Chapter 2-

Introduction to Pi-Systems

In Chapter One, we dealt with molecules and structures containing a central carbon attached to 4 other groups which was determined to have an orbital hybridization of sp3.  These molecules were called alkanes and cycloalkanes.  Remember that carbon is a very diverse atom, and may bond to a differing number of groups ranging from one to four.  The 3-dimensional structure of the molecule will be determined by the number of groups attached to the central carbon due to electrostatic repulsion pushing the attached groups as far apart as possible.  The orbital hybridization will also have to be different, as nature will wish to keep the orbital energies as low as possible.  Again, with four groups,  the lowest energy configuration was sp3 (1 sigma orbital mixed with 3 pi-orbitals).  We will study how the shape, orbital overlap, and chemistry changes when there are three and two groups attached to the central carbon.

Alkenes:      Carbon Bound to Three Other Groups

       Alkenes are also called olefins. In alkenes, the central carbon atom has sigma bonds to three groups rather than four groups as we witnessed with alkanes.  Since bonds are formed from the overlap of orbitals, and since the number of bonds has changed, the spatial arrangement and hybridization of the orbitals will also change.  Let us take a closer look at these changes.

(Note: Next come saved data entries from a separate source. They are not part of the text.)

Lemma weight_at_rcons a s w x :
  weight_at a (s :: rcons w x) = (fun i => weight_at a (s :: w) i + mult_at a (s :: w) i).
Proof.
apply: funext => i; rewrite /weight_at /= size_rcons big_ord_recr /= -addrA.
congr (_ + (_ + _)); last by rewrite -cats1 takel_cat // take_size.
by apply: eq_bigr => k _ /=; rewrite -cats1 takel_cat // ltnW.
Qed.

Lemma weight_at_ge a h i : (forall i h u, 0 <= lam i h u) -> gam0 i <= weight_at a h i.
Proof. by move=> lam_ge0; rewrite /weight_at lerDl sumr_ge0. Qed.

Lemma xrun_agree (b b' : plan S A) rest y pre : agree b b' (size pre + size rest) ->
  xrun zeta b y pre rest = xrun zeta b' y pre rest.
Proof.
elim: rest y pre => [|st [|st' l] IH] y pre //= bb'.
rewrite bb'; last by rewrite size_rcons /=; lia.
by apply: IH; apply: agree_le bb' _; rewrite size_rcons /=; lia.
Qed.

Lemma xh_agree (b b' : plan S A) h : agree b b' (size h) -> xh zeta b x0 h = xh zeta b' x0 h.
Proof. by move=> bb'; apply: xrun_agree; rewrite add0n. Qed.

Lemma acts_agree (b b' : plan S A) h : agree b b' (size h) -> acts b h = acts b' h.
Proof.
move=> bb'; apply/eq_in_map => k; rewrite mem_iota => /andP[k1 k2].
by apply: bb'; rewrite size_take; case: ifP => //; lia.
Qed.

Lemma weight_at_agree (b b' : plan S A) h :
  agree b b' (size h) -> weight_at b h = weight_at b' h.
Proof.
move=> bb'; apply: funext => i; congr (_ + _); apply: eq_bigr => k _.
rewrite (@acts_agree b b') //; apply: agree_le bb' _.
by rewrite size_take; case: ifP => //; lia.
Qed.

Lemma mult_at_agree (b b' : plan S A) h : agree b b' (size h) -> mult_at b h = mult_at b' h.
Proof. by move=> bb'; apply: funext => i; rewrite /mult_at (acts_agree _ _ _ bb'). Qed.

End Histories.

Arguments weight_at {R S A nI}.
Arguments mult_at {R S A nI}.
Arguments weight_at_ge {R S A nI gam0 lam a h i}.
Arguments xh_agree {S A X zeta x0 b b' h}.
Arguments weight_at_agree {R S A nI gam0 lam b b' h}.
Arguments mult_at_agree {R S A nI lam b b' h}.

       Change in hybridization:

The formation of 3 sigma bonds requires 3 equivalent orbitals.  Using the hybridization model that was discussed in the previous chapter, 1 – 2s orbital will be mixed with 2 – 2p orbitals as shown below:

As the above figure reveals, there is one p-orbital that is not mixed, and is left unhybridized as a result.  In this model, there are 3 equivalent orbitals (sp2) and 1 non-equivalent orbital (p) that are available for bonding.  We can see the spatial arrangement of the orbitals themselves below:

Not only is the shape of the orbitals different, but sp2-hybridized orbitals have a higher percentage of s-character (33 %) than do sp3-orbitals (25%).  As a result, the electrons in an sp2-hybridized orbital will be closer to the nucleus.  Having the electrons closer to the nucleus effects the bond in two major ways:  1)  The bond is shorter and stronger than an sp3 bond.  2)  The nucleus will have a greater attraction to the electrons resulting in a more electronegative bond than sp3-hybridized bonds.

      Pi-Bonding:

The other major change in sp2-hybridized atoms arises from the unhybridized p-orbital, which has an unpaired electron and will also form a bond.  Recall that sigma bonds are formed from head-to-head overlap with the electron density residing in between the two nuclei which have been joined.  A p-orbital overlaps in a side-to-side fashion resulting in electron density that is above and below the two nuclei.      

The pi-bond, being formed from the overlap of two p-orbitals, is held further from the nucleus than are the sp2 orbitals.  As a result, we will find that pi-bonds may be more easily manipulated physically and chemically in many cases.  Before getting too far into how we may change a pi-bond, let us first take a look at how it is formed.  In the previous chapter, we learned how to form sigma bonds.  It does not matter if a bond is sp2 or sp3 hybridized, the Molecular orbital diagram will be the same.  Pi-bonds will form in a very similar fashion to sigma bonds as the diagram below shows, however, due to the side-to-side overlap of a pi-bond, its characteristics will be very different from that of a sigma bond.